The Link Between Sleep and Mental Health
Have you ever realized that you spend over a third of your entire lifetime asleep? Sleep is an essential element of a healthy life and is just as important as breathing, eating, and drinking water. Sleep is vital if you wish to maintain a healthy body and mind. It is the body’s way of recovering from physical and mental exertion.
The Relationship Between Sleep and Health
There is a strong relationship between good health and sleep. Poor sleep results in the decline of health just as much as poor health can result in poor sleep. If your health is deteriorating, one of the first signs will be sleep disturbances. Your physical health depends on sleep as your body recovers and repairs as you sleep, from say, exercise.
Your mental health also depends on adequate sleep. The two most common health problems, anxiety, and depression have links with sleep problems. The effect of sleep on mental health has been explored.
Mental Health and Sleep
You may look at a person with mental health issues and advise them to get out of bed and to pull themselves perhaps together. However, that’s not how depression works. Tiredness, lethargy, and sleep disturbances are also a part of having a mental issue. In addition to this, you need to treat some mental health disorders with medication that happens to have the side effect of causing tiredness, insomnia, or lethargy. This is why it is essential to address sleeping problems in those who are diagnosed with mental health issues.
Four Things to Consider When Trying to Get More Sleep
Since a person’s mental health is so dependent on sleep, it is essential to try and improve sleep if possible. To improve your sleep, there are four things to consider:
As said, poor health can result in poor sleep. For this reason, it is essential to address health concerns to be able to get better sleep at night. Looking after your health involves seeing a doctor. Besides that, you need to remedy any aches, pains, or health conditions you may have.
Also, take a look at the medications you’re taking to treat conditions. Some medications interfere with sleep, and speaking to your doctor about the treatment you are on and how it can affect your sleep can be beneficial. You could take your medication at an earlier time in the day, for example.
It is rather important to consider where you sleep. The bedroom is a room you associate with sleep. Playing on your phone, watching TV, or eating in your bed can negatively affect the quality of your sleep. Things like noise levels, the temperature of the room, and the brightness of the room all also have an impact on your sleep quality. Remedy your environment by making it more conducive to sleep. Close the blinds or curtains at night, switch off devices, and turn off noisy appliances.
Falling asleep is best done when you are completely relaxed. This means letting go of the troubles that can keep you awake. We all know what it feels like to be kept up at night by worries. You can prevent this by avoiding stimulation before bedtime. Make a two hour or one hour window before bedtime during which you will not be stimulated, and that you will use to wind down. Taking a warm and relaxing bath, lighting aromatherapy candles, or practicing mindfulness are all ways to unwind. Try not to watch TV or look at your phone screen when you are winding down before bed.
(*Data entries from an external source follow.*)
(* Let $\mathcal{A}$ be a class of monomorphisms of simplicial sets that is saturated (contains isomorphisms and is closed under composition, transfinite composition, cobase change and retracts) and has the right cancellation property: for monomorphisms $u:A\to B$, $v:B\to C$, if $vu\in\mathcal{A}$ and $u\in\mathcal{A}$ then $v\in\mathcal{A}$. If the inclusion $I_n\subseteq\Delta[n]$ belongs to $\mathcal{A}$ for every $n\ge2$, then every mid anodyne map belongs to $\mathcal{A}$.
   Context: $I_n\subseteq\Delta[n]$ denotes the $n$-chain, the union of the edges $(i,i+1)$ for $0\le i\le n-1$. A mid anodyne map is a map in the saturated class generated by the inner horn inclusions $\Lambda^k[n]\subset\Delta[n]$, $0<k<n$. *)

From mathcomp Require Import all_boot.
Set Implicit Arguments. Unset Strict Implicit. Unset Printing Implicit Defensive.

(* A map [m] -> [n] is a monotone map 'I_m.+1 -> 'I_n.+1. *)
Definition monob m n (f : {ffun 'I_m.+1 -> 'I_n.+1}) : bool :=
  [forall i : 'I_m.+1, forall j : 'I_m.+1, (i <= j) ==> (f i <= f j)].

Definition Dmap (m n : nat) := {f : {ffun 'I_m.+1 -> 'I_n.+1} | monob f}.

Lemma monob_id n : monob [ffun i : 'I_n.+1 => i].
Proof. by apply/forallP=> i; apply/forallP=> j; rewrite !ffunE; apply/implyP. Qed.

Definition did n : Dmap n n := exist (@monob n n) _ (monob_id n).

Lemma monob_comp m n p (g : Dmap n p) (f : Dmap m n) :
  monob [ffun i => sval g (sval f i)].
Proof.
apply/forallP=> i; apply/forallP=> j; apply/implyP=> lij; rewrite !ffunE.
have /forallP/(_ i)/forallP/(_ j)/implyP/(_ lij) := svalP f.
by move=> H; have /forallP/(_ (sval f i))/forallP/(_ (sval f j))/implyP/(_ H) := svalP g.
Qed.

Definition dcomp m n p (g : Dmap n p) (f : Dmap m n) : Dmap m p :=
  exist (@monob m p) _ (monob_comp g f).

Lemma dcomp_idl m n (f : Dmap m n) : dcomp (did n) f = f.
Proof. by apply: val_inj; apply/ffunP=> i; rewrite /= !ffunE. Qed.
Lemma dcomp_idr m n (f : Dmap m n) : dcomp f (did m) = f.
Proof. by apply: val_inj; apply/ffunP=> i; rewrite /= !ffunE. Qed.
Lemma dcompA m n p q (h : Dmap p q) (g : Dmap n p) (f : Dmap m n) :
  dcomp h (dcomp g f) = dcomp (dcomp h g) f.
Proof. by apply: val_inj; apply/ffunP=> i; rewrite /= !ffunE. Qed.

Record sSet := SSet {
  sx :> nat -> Type;
  sact : forall m n, Dmap m n -> sx n -> sx m;
  sact_id : forall n (x : sx n), sact (did n) x = x;
  sact_comp : forall m n p (f : Dmap m n) (g : Dmap n p) (x : sx p),
      sact (dcomp g f) x = sact f (sact g x) }.
Arguments sact {s m n}.

Record smap (X Y : sSet) := SMap {
  sfun :> forall n : nat, X n -> Y n;
  snat : forall m n (f : Dmap m n) (x : X n), sfun (sact f x) = sact f (sfun x) }.
Arguments sfun {X Y} s n _.

Lemma scomp_nat (X Y Z : sSet) (g : smap Y Z) (f : smap X Y) m n (h : Dmap m n) (x : X n) :
  g m (f m (sact h x)) = sact h (g n (f n x)).
Proof. by rewrite !snat. Qed.

Definition scomp (X Y Z : sSet) (g : smap Y Z) (f : smap X Y) : smap X Z :=
  @SMap X Z (fun n (x : X n) => g n (f n x)) (scomp_nat g f).

Lemma sid_nat (X : sSet) m n (h : Dmap m n) (x : X n) : sact h x = sact h x.
Proof. by []. Qed.
Definition sid (X : sSet) : smap X X := @SMap X X (fun n (x : X n) => x) (@sid_nat X).

Definition seq (X Y : sSet) (f g : smap X Y) : Prop := forall n (x : X n), f n x = g n x.

Definition mono (X Y : sSet) (f : smap X Y) : Prop := forall n, injective (f n).

Lemma Dsimp_id n m (x : Dmap m n) : dcomp x (did m) = x.
Proof. exact: dcomp_idr. Qed.
Lemma Dsimp_comp n m p q (f : Dmap m p) (g : Dmap p q) (x : Dmap q n) :
  dcomp x (dcomp g f) = dcomp (dcomp x g) f.
Proof. exact: dcompA. Qed.

Definition Dsimp (n : nat) : sSet :=
  @SSet (fun m => Dmap m n) (fun m p f x => dcomp x f) (@Dsimp_id n) (@Dsimp_comp n).

Definition sub_closed (X : sSet) (P : forall n, X n -> bool) : Prop :=
  forall m n (f : Dmap m n) (x : X n), P n x -> P m (sact f x).

Section Sub.
Local Unset Implicit Arguments.
Variables (X : sSet) (P : forall n, X n -> bool) (HP : sub_closed P).
Definition subsx n := {x : X n | P n x}.
Definition subact m n (f : Dmap m n) (x : subsx n) : subsx m :=
  exist _ (sact f (sval x)) (HP _ _ f _ (svalP x)).
Arguments subact {m n}.
Lemma subact_id n (x : subsx n) : subact (did n) x = x.
Proof.
case: x => x px; rewrite /subact /=.
move: (HP _ _ _ _ _); rewrite sact_id => q; by rewrite (bool_irrelevance q px).
Qed.
Lemma subact_comp m n p (f : Dmap m n) (g : Dmap n p) (x : subsx p) :
  subact (dcomp g f) x = subact f (subact g x).
Proof.
case: x => x px; rewrite /subact /=.
move: (HP _ _ _ _ _) (HP _ _ _ _ _); rewrite sact_comp => q1 q2; by rewrite (bool_irrelevance q1 q2).
Qed.
Definition subsset : sSet := SSet subact_id subact_comp.
Lemma sincl_nat m n (f : Dmap m n) (x : subsset n) :
  sval (sact f x) = sact f (sval x).
Proof. by []. Qed.
Definition sincl : smap subsset X := @SMap subsset X (fun n (x : subsset n) => sval x) sincl_nat.
End Sub.
Arguments subsset {X P}.
Arguments sincl {X P}.

(* Horn Lambda^k[n] : simplices of Delta[n] missing some vertex j <> k *)
Definition hornP n (k : 'I_n.+1) m (f : Dmap m n) : bool :=
  [exists j : 'I_n.+1, (j != k) && [forall i, sval f i != j]].

Lemma horn_closed n (k : 'I_n.+1) : sub_closed (X := Dsimp n) (@hornP n k).
Proof.
move=> m p f x /existsP [j /andP [jk /forallP H]].
apply/existsP; exists j; rewrite jk /=; apply/forallP=> i; rewrite ffunE; exact: H.
Qed.

Arguments horn_closed : clear implicits.
Definition horn n (k : 'I_n.+1) : sSet := subsset (horn_closed n k).
Definition horn_incl n (k : 'I_n.+1) : smap (horn k) (Dsimp n) := sincl (horn_closed n k).

(* The n-chain I_n : union of the edges (i, i+1), 0 <= i <= n-1: simplices of
   Delta[n] whose image lies in {i, i+1} for some i < n *)
Definition chainP n m (f : Dmap m n) : bool :=
  [exists i : 'I_n, [forall t, (nat_of_ord (sval f t) == i) || (nat_of_ord (sval f t) == i.+1)]].

Lemma chain_closed n : sub_closed (X := Dsimp n) (@chainP n).
Proof.
move=> m p f x /existsP [i /forallP H].
apply/existsP; exists i; apply/forallP=> t; rewrite ffunE; exact: H.
Qed.

Arguments chain_closed : clear implicits.
Definition chain n : sSet := subsset (chain_closed n).
Definition chain_incl n : smap (chain n) (Dsimp n) := sincl (chain_closed n).

Definition sclass := forall X Y : sSet, smap X Y -> Prop.

Definition is_iso (X Y : sSet) (f : smap X Y) : Prop :=
  exists g : smap Y X, seq (scomp g f) (sid X) /\ seq (scomp f g) (sid Y).

Definition contains_isos (C : sclass) : Prop :=
  forall X Y (f : smap X Y), is_iso f -> C X Y f.

Definition comp_closed (C : sclass) : Prop :=
  forall X Y Z (f : smap X Y) (g : smap Y Z), C X Y f -> C Y Z g -> C X Z (scomp g f).

Definition is_pushout (A B C' D : sSet) (i : smap A B) (g : smap A C')
    (j : smap C' D) (k : smap B D) : Prop :=
  seq (scomp k i) (scomp j g) /\
  forall (E : sSet) (b : smap B E) (c : smap C' E), seq (scomp b i) (scomp c g) ->
    (exists d : smap D E, seq (scomp d k) b /\ seq (scomp d j) c) /\
    (forall d d' : smap D E, seq (scomp d k) b -> seq (scomp d j) c ->
        seq (scomp d' k) b -> seq (scomp d' j) c -> seq d d').

Definition cobase_closed (C : sclass) : Prop :=
  forall A B C' D (i : smap A B) (g : smap A C') (j : smap C' D) (k : smap B D),
    is_pushout i g j k -> C A B i -> C C' D j.

Definition is_retract (A B X Y : sSet) (f : smap A B) (g : smap X Y) : Prop :=
  exists (s : smap A X) (r : smap X A) (s' : smap B Y) (r' : smap Y B),
    [/\ seq (scomp r s) (sid A), seq (scomp r' s') (sid B),
        seq (scomp g s) (scomp s' f) & seq (scomp f r) (scomp r' g)].

Definition retract_closed (C : sclass) : Prop :=
  forall A B X Y (f : smap A B) (g : smap X Y), is_retract f g -> C X Y g -> C A B f.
Your lifestyle can also impact your sleep. Take a close look at what you consume and what you drink. If you consume stimulants like sugary food items or caffeinated drinks in the later hours of the day, you may find trouble falling off to sleep. Heavy meals also interrupt sleep and make sleeping uncomfortable. You might be under the false impression that alcohol is helpful for sleep.
However, in reality, it reduces the quality of your sleep. Try increasing your daily exercise to a healthy amount to improve sleep quality as well. Of course, avoid exercise in the later parts of the day, as exercising too close to bedtime can cause you sleeping issues.
By addressing sleeping problems, people suffering from mental health conditions can enjoy a better quality of life during their waking hours. The mind and body will be fully ready to take on the day.